─── MATERIAL PROVIDED ───
(* Let $B\subseteq\mathbb{R}^n$ be a bounded set and let $V_0,V_1,\dots$ be nonempty finite subsets of $B$. Suppose there are $C^\star>0$ and $r_0>0$ such that for every $k\geq1$ and every $v_k\in V_k$ there exists $v_{k-1}\in V_{k-1}$ with $|v_{k-1}-v_k|<C^\star2^{-k}r_0$. Then $V_k$ converges in the Hausdorff metric to a compact set $V\subseteq\overline{B}$. *)

From HB Require Import structures.
From mathcomp Require Import all_boot all_order all_algebra.
From mathcomp Require Import all_classical all_reals all_analysis.
Set Implicit Arguments. Unset Strict Implicit. Unset Printing Implicit Defensive.
Import Order.TTheory GRing.Theory Num.Theory.
Import numFieldNormedType.Exports.
Local Open Scope classical_set_scope.
Local Open Scope ring_scope.

Definition eucl_dist (R : realType) (n : nat) (x y : 'rV[R]_n) : R :=
  Num.sqrt (\sum_(i < n) (x ord0 i - y ord0 i) ^+ 2).

(* distance from a point to a set (extended real, +oo for the empty set) *)
Definition pt_set_dist (R : realType) (n : nat) (x : 'rV[R]_n) (A : set 'rV[R]_n)
  : \bar R := ereal_inf [set (eucl_dist x a)%:E | a in A].

Definition hausdorff_dist (R : realType) (n : nat) (A B : set 'rV[R]_n) : \bar R :=
  maxe (ereal_sup [set pt_set_dist a B | a in A])
       (ereal_sup [set pt_set_dist b A | b in B]).

From HB Require Import structures.
From mathcomp Require Import all_boot all_order all_algebra.
From mathcomp Require Import all_classical all_reals all_analysis.
From mathcomp Require Import ring lra zify.
Set Implicit Arguments. Unset Strict Implicit. Unset Printing Implicit Defensive.
Import Order.TTheory GRing.Theory Num.Theory.
Import numFieldNormedType.Exports.
Local Open Scope classical_set_scope.
Local Open Scope ring_scope.

(* The limit is the Kuratowski upper limit W of the V k: the points every
   neighbourhood of which meets V j for infinitely many j.  It is closed and
   lies in the compact set closure B.  Following predecessors backwards, every
   point of V j (j >= k) is within Cstar r0 2^-k of V k, because the dyadic
   steps sum to at most that; hence every point of W is close to V k for k
   large.  Conversely, if V k kept points at distance >= e from W for
   infinitely many k, the finite intersection property in closure B would give
   a point of W at distance >= e from W.  Topological arguments use the max
   norm of 'rV, which is comparable to the Euclidean distance. *)

Section upper_limit.
Variable T : ptopologicalType.
Implicit Types (V : nat -> set T) (K O : set T).

Definition upper_limit V : set T :=
  \bigcap_(m in [set: nat]) closure (\bigcup_(j in [set j | (m <= j)%N]) V j).

Lemma closed_upper_limit V : closed (upper_limit V).
Proof. by apply: closed_bigI => m _; exact: closed_closure. Qed.

Lemma upper_limit_sub_closure V K :
  (forall j, V j `<=` K) -> upper_limit V `<=` closure K.
Proof. by move=> VK x /(_ 0%N I); apply: closureS => y [j _ /VK]. Qed.

Lemma upper_limit_meets V w m U : upper_limit V w -> nbhs w U ->
  exists2 j, (m <= j)%N & V j `&` U !=set0.
Proof. by move=> /(_ m I) /[apply] -[x [[j mj Vjx] Ux]]; exists j => //; exists x. Qed.

Lemma upper_limit_subset_open V K O : compact K -> (forall j, V j `<=` K) ->
  open O -> upper_limit V `<=` O -> \forall j \near \oo, V j `<=` O.
Proof.
move=> cK VK oO limO; apply: contrapT => notev.
pose A m := closure (\bigcup_(j in [set j | (m <= j)%N]) V j) `&` ~` O.
have A_anti i m : (i <= m)%N -> A m `<=` A i.
  move=> im x [clx Ox]; split=> //; apply: closureS clx => y [j /= mj Vjy].
  by exists j => //=; exact: leq_trans mj.
have KA m : K `&` A m !=set0.
  apply: contrapT => KA0; apply: notev; exists m => // j /= mj x Vjx.
  apply: contrapT => Ox; apply: KA0; exists x; split; first exact: VK Vjx.
  by split=> //; apply: subset_closure; exists j.
move: cK; rewrite compact_In0 => /(_ nat setT (fun m => K `&` A m)) [].
- exists A => // m _; apply: closedI; first exact: closed_closure.
  exact: open_closedC.
- move=> D _; set M := (\max_(i <- finmap.enum_fset D) i)%N.
  have [p [Kp AMp]] := KA M; exists p => i iD; split=> //.
  by apply: A_anti AMp; exact: (@leq_bigmax_seq _ _ xpredT id i iD).
- move=> p Ap; have [_ [_ Op]] := Ap 0%N I; apply/Op/limO => m _.
  by have [_ []] := Ap m I.
Qed.

End upper_limit.

Section dyadic_chain.
Variables (R : realFieldType) (T : normedZmodType R) (V : nat -> set T) (c : R).
Hypothesis c_ge0 : 0 <= c.
Hypothesis V_pred : forall k x, V k.+1 x -> exists2 y, V k y & `|y - x| <= c * 2^-k.+1.

Lemma dyadic_chain_telescope k d x : V (k + d)%N x ->
  exists2 y, V k y & `|y - x| <= c * (2^-k - 2^-(k + d)).
Proof.
elim: d x => [|d IHd] x.
  by rewrite addn0 => Vx; exists x => //; rewrite !subrr normr0 mulr0.
rewrite addnS => /V_pred [x' /IHd [y Vy yx'] x'x]; exists y => //.
apply: le_trans (ler_distD x' _ _) _; apply: le_trans (lerD yx' x'x) _.
rewrite !exprS !invfM -/(2^-k) -/(2^-(k + d)) !mulrBr; lra.
Qed.

Lemma dyadic_chain k j x : (k <= j)%N -> V j x -> exists2 y, V k y & `|y - x| <= c * 2^-k.
Proof.
move=> kj; rewrite -(subnKC kj) => /dyadic_chain_telescope [y Vy yx].
exists y => //; apply: le_trans yx _; rewrite ler_wpM2l // lerBlDr lerDl.
by rewrite invr_ge0 exprn_ge0.
Qed.

End dyadic_chain.

Lemma near_halfpow_le (R : realType) (c e : R) : 0 < e ->
  \forall k \near \oo, c * 2^-k <= e.
Proof.
move=> e0; have : geometric c (2^-1 : R) @ \oo --> 0.
  by apply: cvg_geometric; rewrite ger0_norm ?invr_ge0 // invf_lt1 //; lra.
move=> /cvgrPdist_le /(_ e e0); apply: filterS => k /=.
by rewrite sub0r normrN exprVn => /(le_trans (ler_norm _)).
Qed.

Lemma bounded_closure (R : realType) (W : normedModType R) (A : set W) :
  bounded_set A -> bounded_set (closure A).
Proof.
move=> [M [Mreal AM]]; exists (M + 1); split; first exact: num_real.
move=> z Mz p clAp; have [y [Ay yp]] := clAp _ (nbhsx_ballx p 1 ltr01).
have /AM /(_ y Ay) /= y_le : M < z - 1 by rewrite ltrBrDr.
rewrite -ball_normE /= in yp; have := ler_normD y (p - y); rewrite addrC subrK.
by move=> /le_trans; apply; rewrite -[z](subrK 1) lerD // ltW.
Qed.

Section euclidean_distance.
Variables (R : realType) (n : nat).
Implicit Types (x y : 'rV[R]_n) (A W : set 'rV[R]_n).

Lemma eucl_dist_ge0 x y : 0 <= eucl_dist x y.
Proof. exact: sqrtr_ge0. Qed.

Lemma mx_norm_le_eucl_dist x y : `|x - y| <= eucl_dist x y.
Proof.
rewrite [leLHS]/Num.Def.normr /= mx_normrE; apply: bigmax_le; first exact: eucl_dist_ge0.
move=> [i j] _ /=; rewrite (ord1 i) mxE -sqrtr_sqr ler_sqrt; last first.
  by apply: sumr_ge0 => k _; exact: sqr_ge0.
by rewrite (bigD1 j) //= !mxE lerDl; apply: sumr_ge0 => k _; exact: sqr_ge0.
Qed.

Lemma eucl_dist_le_mx_norm x y : eucl_dist x y <= n.+1%:R * `|x - y|.
Proof.
have entry_le i : `|x ord0 i - y ord0 i| <= `|x - y|.
  rewrite [leRHS]/Num.Def.normr /= mx_normrE.
  have := @le_bigmax _ R _ 0 (fun ij => `|(x - y) ij.1 ij.2|) (ord0, i).
  by rewrite /= !mxE.
rewrite /eucl_dist -(ger0_norm (_ : 0 <= n.+1%:R * `|x - y|)) ?mulr_ge0 //.
rewrite -sqrtr_sqr ler_sqrt ?sqr_ge0 //.
apply: (@le_trans _ _ (\sum_(i < n) `|x - y| ^+ 2)).
  apply: ler_sum => i _; rewrite -real_normK ?num_real //.
  by rewrite lerXn2r ?nnegrE // normr_id.
rewrite sumr_const card_ord -[leLHS]mulr_natl exprMn; apply: ler_wpM2r; first exact: sqr_ge0.
by rewrite -natrX ler_nat; nia.
Qed.

Definition within_dist (e : R) A W := forall a, A a -> exists2 w, W w & eucl_dist a w <= e.

Lemma pt_set_dist_ge0 x A : (0 <= pt_set_dist x A)%E.
Proof. by apply: le_ereal_inf_tmp => _ [a _ <-]; rewrite lee_fin eucl_dist_ge0. Qed.

Lemma pt_set_dist_le x A e : (exists2 a, A a & eucl_dist x a <= e) ->
  (pt_set_dist x A <= e%:E)%E.
Proof.
move=> [a Aa xa]; apply: ge_ereal_inf; exists (eucl_dist x a)%:E => //.
by exists a.
Qed.

Lemma hausdorff_dist_ge0 A W : A !=set0 -> (0 <= hausdorff_dist A W)%E.
Proof.
move=> [a Aa]; rewrite /hausdorff_dist le_max; apply/orP; left.
by apply: le_ereal_sup_tmp; exists (pt_set_dist a W); [exists a | exact: pt_set_dist_ge0].
Qed.

Lemma hausdorff_dist_le e A W : within_dist e A W -> within_dist e W A ->
  (hausdorff_dist A W <= e%:E)%E.
Proof.
move=> AW WA; rewrite /hausdorff_dist ge_max; apply/andP; split; apply: ge_ereal_sup.
- by move=> _ [a /AW ? <-]; exact: pt_set_dist_le.
- by move=> _ [w /WA ? <-]; exact: pt_set_dist_le.
Qed.

Lemma hausdorff_dist_cvg0 (A : nat -> set 'rV[R]_n) W : (forall k, A k !=set0) ->
  (forall e, 0 < e -> \forall k \near \oo, within_dist e (A k) W /\ within_dist e W (A k)) ->
  (fun k => hausdorff_dist (A k) W) @ \oo --> 0%E.
Proof.
move=> A_ne close; apply/fine_cvgP; split.
  apply: filterS (close 1 ltr01) => k [AW WA].
  rewrite ge0_fin_numE ?hausdorff_dist_ge0 //.
  by rewrite (le_lt_trans (hausdorff_dist_le AW WA)) // ltry.
apply/cvgrPdist_le => e e0; apply: filterS (close e e0) => k [AW WA] /=.
move: (hausdorff_dist_ge0 W (A_ne k)) (hausdorff_dist_le AW WA).
by case: (hausdorff_dist _ _) => //= r; rewrite !lee_fin sub0r normrN => r0; rewrite ger0_norm.
Qed.

End euclidean_distance.

Section upper_limit_in_Rn.
Variables (R : realType) (n : nat) (V : nat -> set 'rV[R]_n).

Lemma eventually_within_upper_limit (K : set 'rV[R]_n) e : compact K ->
  (forall j, V j `<=` K) -> 0 < e ->
  \forall k \near \oo, within_dist e (V k) (upper_limit V).
Proof.
move=> cK VK e0; set r := e / n.+1%:R.
have r0 : 0 < r by rewrite divr_gt0.
pose O := \bigcup_(w in upper_limit V) ball w r.
have oO : open O by apply: bigcup_open => w _; exact: ball_open.
have limO : upper_limit V `<=` O by move=> w Ww; exists w => //; exact: ballxx.
apply: filterS (upper_limit_subset_open cK VK oO limO) => k VkO a /VkO [w Ww wa].
exists w => //; apply: le_trans (eucl_dist_le_mx_norm a w) _.
rewrite -ball_normE /= distrC in wa.
by rewrite mulrC -ler_pdivlMr // ltW.
Qed.

Lemma upper_limit_eventually_within c e : 0 <= c ->
  (forall k x, V k.+1 x -> exists2 y, V k y & `|y - x| <= c * 2^-k.+1) -> 0 < e ->
  \forall k \near \oo, within_dist e (upper_limit V) (V k).
Proof.
move=> c0 V_pred e0; set r := e / (2 * n.+1%:R).
have r0 : 0 < r by rewrite divr_gt0 // mulr_gt0.
apply: filterS (near_halfpow_le c r0) => k ck w Ww.
have [j kj [x [Vjx wx]]] := upper_limit_meets k Ww (nbhsx_ballx w r r0).
have [y Vky yx] := dyadic_chain c0 V_pred kj Vjx.
exists y => //; apply: le_trans (eucl_dist_le_mx_norm w y) _.
have wy : `|w - y| <= r + r.
  apply: le_trans (ler_distD x w y) _; rewrite -ball_normE /= in wx.
  by apply: lerD; [exact: ltW | rewrite distrC; exact: le_trans yx ck].
have -> : e = n.+1%:R * (r + r) by rewrite /r; field.
by rewrite ler_wpM2l.
Qed.

End upper_limit_in_Rn.

Theorem lemma8p2 (R : realType) (n : nat) (B : set 'rV[R]_n)
  (V : nat -> set 'rV[R]_n) (Cstar r0 : R) :
  bounded_set B ->
  (forall k, finite_set (V k)) ->
  (forall k, V k !=set0) ->
  (forall k, V k `<=` B) ->
  0 < Cstar -> 0 < r0 ->
  (forall k : nat, (0 < k)%N -> forall vk, V k vk ->
     exists vk1, V k.-1 vk1 /\ eucl_dist vk1 vk < Cstar * (2 ^- k) * r0) ->
  exists W : set 'rV[R]_n,
    compact W /\ W `<=` closure B /\
    (fun k => hausdorff_dist (V k) W) @ \oo --> 0%E.
Proof.
move=> bB _ V_ne VB Cstar_gt0 r0_gt0 V_pred.
have c_ge0 : 0 <= Cstar * r0 by rewrite mulr_ge0 // ltW.
have V_pred_mx k x : V k.+1 x -> exists2 y, V k y & `|y - x| <= Cstar * r0 * 2^-k.+1.
  move=> /(V_pred k.+1 isT) [y [Vky yx]]; exists y => //.
  by apply: le_trans (mx_norm_le_eucl_dist y x) _; rewrite ltW // mulrAC.
have cB : compact (closure B).
  by apply: bounded_closed_compact; [exact: bounded_closure | exact: closed_closure].
have VcB j : V j `<=` closure B by move=> x /VB; exact: subset_closure.
have limB : upper_limit V `<=` closure B := upper_limit_sub_closure VB.
exists (upper_limit V); split.
  by apply: subclosed_compact cB limB; exact: closed_upper_limit.
split=> //; apply: hausdorff_dist_cvg0 => // e e0.
apply: filterS2 (eventually_within_upper_limit cB VcB e0)
  (upper_limit_eventually_within c_ge0 V_pred_mx e0) => k.
by split.
Qed.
───
YOUR ASSIGNMENT ->
Everything from the first line of the records through the line containing "Definition eucl_dist (R" is to be set down exactly, while later lines are left out.

RESULT ->
(* Let $B\subseteq\mathbb{R}^n$ be a bounded set and let $V_0,V_1,\dots$ be nonempty finite subsets of $B$. Suppose there are $C^\star>0$ and $r_0>0$ such that for every $k\geq1$ and every $v_k\in V_k$ there exists $v_{k-1}\in V_{k-1}$ with $|v_{k-1}-v_k|<C^\star2^{-k}r_0$. Then $V_k$ converges in the Hausdorff metric to a compact set $V\subseteq\overline{B}$. *)

From HB Require Import structures.
From mathcomp Require Import all_boot all_order all_algebra.
From mathcomp Require Import all_classical all_reals all_analysis.
Set Implicit Arguments. Unset Strict Implicit. Unset Printing Implicit Defensive.
Import Order.TTheory GRing.Theory Num.Theory.
Import numFieldNormedType.Exports.
Local Open Scope classical_set_scope.
Local Open Scope ring_scope.

Definition eucl_dist (R : realType) (n : nat) (x y : 'rV[R]_n) : R :=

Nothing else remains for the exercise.